Hi Dad
I want to let you know I had an AVM bleed and craniotomy in 1959 when I was 9. I was a really happy kid, but after all the surgery was over and I went home with Dilantin for seizures, I do not remember much happiness. I now know how lucky I was to come out of all that alive, despite the time period when it happened. My physical outcomes are severe vision loss in both eyes to the left from center. It is like the world consists of what I see on the right. There was no rehab I went to. I also am a very intelligent person, and was able to become a Paralegal at a state Department of Justice. My difficulties are slow to learn something, not understanding the first or second time I am told what to do. I barely graduated high school and really hated school. I had a wonderful supervisor. She knew I was smart, but there was something different about me. You see, I never told many about my vision or anything else. I hid it. She figured it out, and finally asked me why my left eye “wandered”. I told her all of it, she changed the way she was teaching me about the fraud unit, and she said in an evaluation that once I nailed something new, She knew I could do this job. I thank her for everything she did for me.
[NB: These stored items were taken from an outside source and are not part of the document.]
Lemma shift_PF c g :
  (shift c g \in PF n) <-> least_minimizer (surplus g) m (m - c).
Proof.
have lt_cm := ltn_ord c; rewrite /surplus; split.
- move/PF_cnt_ltP => le_cnt; split=> q /andP[lo_q hi_q].
  + have := cnt_lt_mono g lo_q; case: (ltnP (m - c) q) => [lt_q | ?]; last first.
      by have -> : q = m - c by lia.
    have := le_cnt (q - (m - c)); rewrite cnt_lt_shift_low; last by lia.
    have -> : m - c + (q - (m - c)) = q by lia.
    lia.
  + have := cnt_lt_mono g (ltnW hi_q); have := cnt_lt_max g q.
    by have := le_cnt (q + c); rewrite cnt_lt_shift_high ?addnK; lia.
- move=> [le_min lt_min]; apply/PF_cnt_ltP => i /andP[i_gt0 le_in].
  case: (leqP i c) => [le_ic | lt_ci].
  + rewrite cnt_lt_shift_low //; have := le_min (m - c + i).
    by have := cnt_lt_mono g (leq_addr i (m - c)); lia.
  + rewrite cnt_lt_shift_high; last by lia.
    by have := lt_min (i - c); have := cnt_lt_max g (m - c); lia.
Qed.

Lemma cyclic_lemma g : #|[set c | shift c g \in PF n]| = 1.
Proof.
have [q0 q0_in q0_min] := least_minimizer_exists (surplus g) (ltn0Sn n).
have lt_c0 : m - q0 < m by lia.
rewrite -(cards1 (Ordinal lt_c0)); congr #|pred_of_set _|; apply/setP => c.
have m_q0 : m - (m - q0) = q0 by lia.
rewrite in_set in_set1; apply/idP/eqP => [/shift_PF c_min | ->]; last first.
  by apply/shift_PF; rewrite /= m_q0.
have lt_cm := ltn_ord c; have c_in : 0 < m - c <= m by lia.
by apply: val_inj => /=; have := least_minimizer_unique c_in q0_in c_min q0_min; lia.
Qed.

Lemma PF_value_counts (h h' : FT) :
  (forall P : pred 'I_m, #|[set t | P (h t)]| = #|[set t | P (h' t)]|) ->
  (h \in PF n) = (h' \in PF n).
Proof.
move=> eq_counts; rewrite !inPF_cnt_lt; apply: eq_forallb => i.
by rewrite /cnt_lt (eq_counts (fun x : 'I_m => x < i.+1)).
Qed.

End CyclicLemma.

Lemma card_values_eq (T : finType) (m : nat) (D : pred T) (u u' : T -> 'I_m) :
  (forall v : 'I_m, #|[set j | D j & u j <= v]| = #|[set j | D j & u' j <= v]|) ->
  forall P : pred 'I_m, #|[set j | D j & P (u j)]| = #|[set j | D j & P (u' j)]|.
Proof.
move=> eq_le.
have eq_lt (x : 'I_m) : #|[set j | D j & u j < x]| = #|[set j | D j & u' j < x]|.
  case: (posnP x) => [x0 | x_gt0].
    by rewrite !eq_card0 // => j; rewrite !inE x0 ltn0 andbF.
  have lt_x1 : x.-1 < m by rewrite (leq_ltn_trans (leq_pred x)).
  have lt_le w : #|[set j | D j & w j < x]| = #|[set j | D j & w j <= Ordinal lt_x1]|.
    by apply: eq_card => j; rewrite !inE /=; congr (_ && _); lia.
  by rewrite !lt_le eq_le.
have eq_eq (x : 'I_m) : #|[set j | D j & u j == x]| = #|[set j | D j & u' j == x]|.
  have eq_diff w : #|[set j | D j & w j == x]| =
      #|[set j | D j & w j <= x]| - #|[set j | D j & w j < x]|.
    rewrite -cardsDS; last by apply/subsetP => j; rewrite !inE => /andP[-> /ltnW].
    apply: eq_card => j; rewrite !inE ltn_neqAle; case: (D j) => //=.
    by rewrite -(inj_eq val_inj) /=; case: eqP => [-> | _]; rewrite ?leqnn //=; case: (_ <= _).
  by rewrite !eq_diff eq_le eq_lt.
move=> P; have by_value w : #|[set j | D j & P (w j)]| = \sum_(x | P x) #|[set j | D j & w j == x]|.
  rewrite -sum1dep_card (partition_big w P) => [|j /andP[]//].
  apply: eq_bigr => x Px; rewrite sum1dep_card; apply: eq_card => j; rewrite !inE.
  by case: eqP => [-> | _]; rewrite ?Px ?andbF ?andbT.
by rewrite !by_value; apply: eq_bigr => x _; apply: eq_eq.
Qed.

Section BlockSort.
Variables (p : nat) (S : pred 'I_p) (dir : bool).
Local Notation n := p.+1.
Local Notation m := p.+2.
Local Notation FT := (Ftilde n).
Implicit Types (g u : FT) (c : 'I_m) (i j : 'I_n).

Definition link_lo (k : 'I_p) : 'I_n := widen_ord (leqnSn p) k.
Definition link_hi (k : 'I_p) : 'I_n := lift ord0 k.

(* The links [k] in [S] join positions [k] and [k.+1]; the maximal runs of
   joined positions are the blocks, numbered by the unjoined links before. *)
Definition block (t : 'I_n) := #|[set k : 'I_p | (k < t) && ~~ S k]|.
Definition before (j i : 'I_n) := if dir then j < i else i < j.
Definition brank (i : 'I_n) := #|[set j : 'I_n | (block j == block i) && before j i]|.
Definition bcount (u : FT) (b v : nat) := #|[set j : 'I_n | block j == b & u j <= v]|.
(* The [k]-th smallest value (from [0]) of [u] on block [b]. *)
Definition bnth (u : FT) (b k : nat) := #|[set v : 'I_m | bcount u b v <= k]|.

(* Shift the values by [c], then sort them inside every block along [before]. *)
Definition resort c g : FT := [ffun i => inord (bnth (shift c g) (block i) (brank i))].

Definition block_sorted := [set g : FT | [forall i, forall j,
  (before j i && (block j == block i)) ==> (g j <= g i)]].

Lemma before_irr i : before i i = false.
Proof. by rewrite /before ltnn; case: dir. Qed.

Lemma before_trans i j k : before i j -> before j k -> before i k.
Proof. by rewrite /before; case: dir => ? ?; lia. Qed.

Lemma before_total i j : i != j -> before i j || before j i.
Proof.
move=> /eqP ne_ij; have : (i : nat) <> j by move/val_inj.
by rewrite /before; case: dir; lia.
Qed.

Lemma block_lt t : block t < n.
Proof. by rewrite ltnS -[p]card_ord max_card. Qed.

Lemma bcount_mono u b : {homo bcount u b : v w / v <= w}.
Proof.
move=> v w le_vw; apply: subset_leq_card; apply/subsetP => j; rewrite !inE.
by case/andP => -> /leq_trans; apply.
Qed.

Lemma bcount_top u b v : p.+1 <= v -> bcount u b v = #|[set j | block j == b]|.
Proof.
by move=> le_nv; apply: eq_card => j; rewrite !inE (leq_trans _ le_nv) ?andbT // -ltnS.
Qed.

Lemma bnth_le u b k v : v < m -> (bnth u b k <= v) = (k < bcount u b v).
Proof.
move=> lt_vm; case: ltnP => [lt_k | le_k].
- rewrite /bnth -(card_ord_lt (N := m) (ltnW lt_vm)); apply: subset_leq_card.
  apply/subsetP => w; rewrite !inE => le_w; rewrite ltnNge; apply/negP => le_vw.
  by have := bcount_mono u b le_vw; lia.
- apply/negbTE; rewrite -ltnNge /bnth -(card_ord_lt (N := m) lt_vm).
  apply: subset_leq_card; apply/subsetP => w; rewrite !inE ltnS => le_wv.
  by have := bcount_mono u b le_wv; lia.
Qed.

Lemma bnth_mono u b : {homo bnth u b : k l / k <= l}.
Proof.
move=> k l le_kl; apply: subset_leq_card; apply/subsetP => v; rewrite !inE.
by move/leq_trans; apply.
Qed.

Lemma brank_lt i : brank i < #|[set j | block j == block i]|.
Proof.
apply: proper_card; apply/properP; split.
- by apply/subsetP => j; rewrite !inE => /andP[].
- by exists i; rewrite !inE ?eqxx ?before_irr.
Qed.

Lemma bnth_lt u i : bnth u (block i) (brank i) < m.
Proof. by rewrite ltnS bnth_le // bcount_top ?brank_lt. Qed.

Lemma brank_before j i : block j = block i -> before j i -> brank j < brank i.
Proof.
move=> eq_b ji; apply: proper_card; apply/properP; split.
- apply/subsetP => k; rewrite !inE => /andP[/eqP-> kj].
  by rewrite eq_b eqxx (before_trans kj ji).
- by exists j; rewrite !inE ?eq_b ?eqxx ?before_irr.
Qed.

Lemma brank_inj j i : block j = block i -> brank j = brank i -> j = i.
Proof.
move=> eq_b eq_r; apply/eqP/negPn/negP => /before_total/orP[] lt_r.
- by have := brank_before eq_b lt_r; rewrite eq_r ltnn.
- by have := brank_before (esym eq_b) lt_r; rewrite eq_r ltnn.
Qed.

Lemma card_brank_lt b K : K <= #|[set j | block j == b]| ->
  #|[set j | block j == b & brank j < K]| = K.
Proof.
move=> le_K; have le_n (A : {set 'I_n}) : #|A| <= n.
  by apply: leq_trans (max_card _) _; rewrite card_ord.
pose f j : 'I_n := inord (brank j).
have fE j : block j = b -> (f j : nat) = brank j.
  by move=> jb; rewrite inordK // (leq_trans (brank_lt j)).
have f_inj : {in [set j | block j == b] &, injective f}.
  move=> x y; rewrite !inE => /eqP xb /eqP yb fxy.
  by apply: brank_inj; rewrite ?xb ?yb // -(fE _ xb) -(fE _ yb) fxy.
have f_block : f @: [set j | block j == b] = [set r : 'I_n | r < #|[set j | block j == b]|].
  apply/eqP; rewrite eqEcard card_in_imset // card_ord_lt ?leqnn ?andbT //.
  by apply/subsetP => _ /imsetP[j /[!inE] /eqP jb ->]; rewrite fE // -jb brank_lt.
rewrite -(card_in_imset (f := f)); last first.
  by move=> x y /[!inE] /andP[xb _] /andP[yb _]; apply: f_inj; rewrite inE.
rewrite -[RHS](card_ord_lt (N := n)); last exact: leq_trans le_K (le_n _).
congr #|pred_of_set _|; apply/setP => r; rewrite inE; apply/imsetP/idP.
- by case=> j /[!inE] /andP[/eqP jb lt_jK] ->; rewrite fE.
- move=> lt_rK; have : r \in f @: [set j | block j == b] by rewrite f_block inE (leq_trans lt_rK).
  case/imsetP => j /[!inE] /eqP jb rE; exists j => //.
  by rewrite inE jb eqxx -(fE _ jb) -rE.
Qed.

Lemma resortE c g i : (resort c g i : nat) = bnth (shift c g) (block i) (brank i).
Proof. by rewrite ffunE inordK // bnth_lt. Qed.

Lemma bcount_resort c g b (v : 'I_m) : bcount (resort c g) b v = bcount (shift c g) b v.
Proof.
rewrite -[RHS](card_brank_lt (b := b) (K := bcount _ b v)); last first.
  by apply: subset_leq_card; apply/subsetP => j /[!inE] /andP[].
by apply: eq_card => j; rewrite !inE resortE; case: eqP => // <-; rewrite bnth_le.
Qed.

Lemma resort_sorted c g : resort c g \in block_sorted.
Proof.
rewrite inE; apply/forallP => i; apply/forallP => j; apply/implyP => /andP[ji /eqP eq_b].
by rewrite !resortE eq_b bnth_mono // ltnW // brank_before.
Qed.

Lemma block_sortedP g j i :
  g \in block_sorted -> before j i -> block j = block i -> g j <= g i.
Proof.
rewrite inE => /forallP/(_ i)/forallP/(_ j)/implyP + ji eq_b.
by apply; rewrite ji eq_b /=.
Qed.

Lemma brank_lt_bcount g i : g \in block_sorted -> brank i < bcount g (block i) (g i).
Proof.
move=> g_sorted; have := cardsU1 i [set j | (block j == block i) && before j i].
rewrite inE before_irr andbF add1n => <-; apply: subset_leq_card.
apply/subsetP => j /[!inE] /orP[/eqP-> | /andP[/eqP eq_b ji]]; first by rewrite eqxx leqnn.
by rewrite eq_b eqxx block_sortedP.
Qed.

Lemma bcount_pred_le_brank g i :
  g \in block_sorted -> 0 < g i -> bcount g (block i) (g i).-1 <= brank i.
Proof.
move=> g_sorted gi_gt0; apply: subset_leq_card; apply/subsetP => j /[!inE].
case/andP=> /eqP eq_b lt_gj; rewrite eq_b eqxx /=.
have ne_ji : j != i by apply: contraTneq lt_gj => ->; rewrite -ltnS prednK // ltnn.
case/orP: (before_total ne_ji) => // ij.
by have := block_sortedP g_sorted ij (esym eq_b); lia.
Qed.

Lemma bnth_sorted g i : g \in block_sorted -> bnth g (block i) (brank i) = g i.
Proof.
move=> g_sorted; apply/eqP; rewrite eqn_leq bnth_le // brank_lt_bcount //=.
case: (posnP (g i)) => [-> // | gi_gt0]; rewrite leqNgt -(prednK gi_gt0) ltnS.
by rewrite bnth_le ?(leq_ltn_trans (leq_pred _)) // -leqNgt bcount_pred_le_brank.
Qed.

Lemma card_by_block u (P : pred 'I_m) :
  #|[set t | P (u t)]| = \sum_(b < n) #|[set j | block j == b & P (u j)]|.
Proof.
rewrite -sum1dep_card (partition_big (fun t => Ordinal (block_lt t)) predT) //.
apply: eq_bigr => b _; rewrite sum1dep_card; apply: eq_card => j.
by rewrite !inE -val_eqE andbC.
Qed.

Lemma resort_PF c g : (resort c g \in PF n) = (shift c g \in PF n).
Proof.
apply: PF_value_counts => P; rewrite !card_by_block; apply: eq_bigr => b _.
by apply: card_values_eq => v; apply: bcount_resort.
Qed.

Lemma resort_inj c : {in block_sorted &, injective (resort c)}.
Proof.
move=> g1 g2 g1_sorted g2_sorted eq12.
have eq_bcount b v : bcount g1 b v = bcount g2 b v.
  have unshift g : bcount g b v = #|[set j | block j == b & (shift c g j - c)%R <= v]|.
    by apply: eq_card => j; rewrite !inE ffunE GRing.addrK.
  rewrite !unshift; apply: (card_values_eq (D := fun j => block j == b)
    (u := shift c g1) (u' := shift c g2) _ (fun x => (x - c)%R <= v)) => w.
  by move: (bcount_resort c g1 b w) (bcount_resort c g2 b w); rewrite /bcount eq12 => <- <-.
apply/ffunP => i; apply: val_inj => /=.
rewrite -(bnth_sorted i g1_sorted) -(bnth_sorted i g2_sorted).
by apply: eq_card => v; rewrite !inE eq_bcount.
Qed.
I am 64 now, have a great and successful son. His dad (my husband) died when he was 47. I had always been moody, not good in social situations, felt I never fit anywhere. I thought I was dumb, would never get married, never have a baby, and always wondered why I was so different I called myself an alien. I was emotionally labile (emotions all over the place), never smiled much, had a hard time reading people, am impulsive, disorganized, quick to anger, and a procrastinator, etc. When I finally realized some or most of these symptoms were a direct result of exploratory brain surgery in 1959, the relief I felt was indescribable. It was not me, my fault, my dumbness, my sadness, my doing. It was part of my life, and I got through it on my own mostly, without any answers until I started researching. I wish my husband had still been alive so I could have told him, but he was not.
Your son needs to know everything about his AVM. He needs to know he is the way he is because of AVM and results. He needs to know we all have some of the baggage left after going through AVM treatment. It depends on where in the brain the AVM was or is located, any other head injuries he may have had and not realized he hurt his brain at the time.
I believe the truth sets you free, not from the undeniable results of AVM, but from the knowledge that we are survivors of a bad deal we had nothing to do with in the first place. He needs to see a counselor experienced with head injury and mental health results. Don’t waste time starting with any doctor or counselor who does not know what an AVM is.
I am living proof it can get better, with help and time.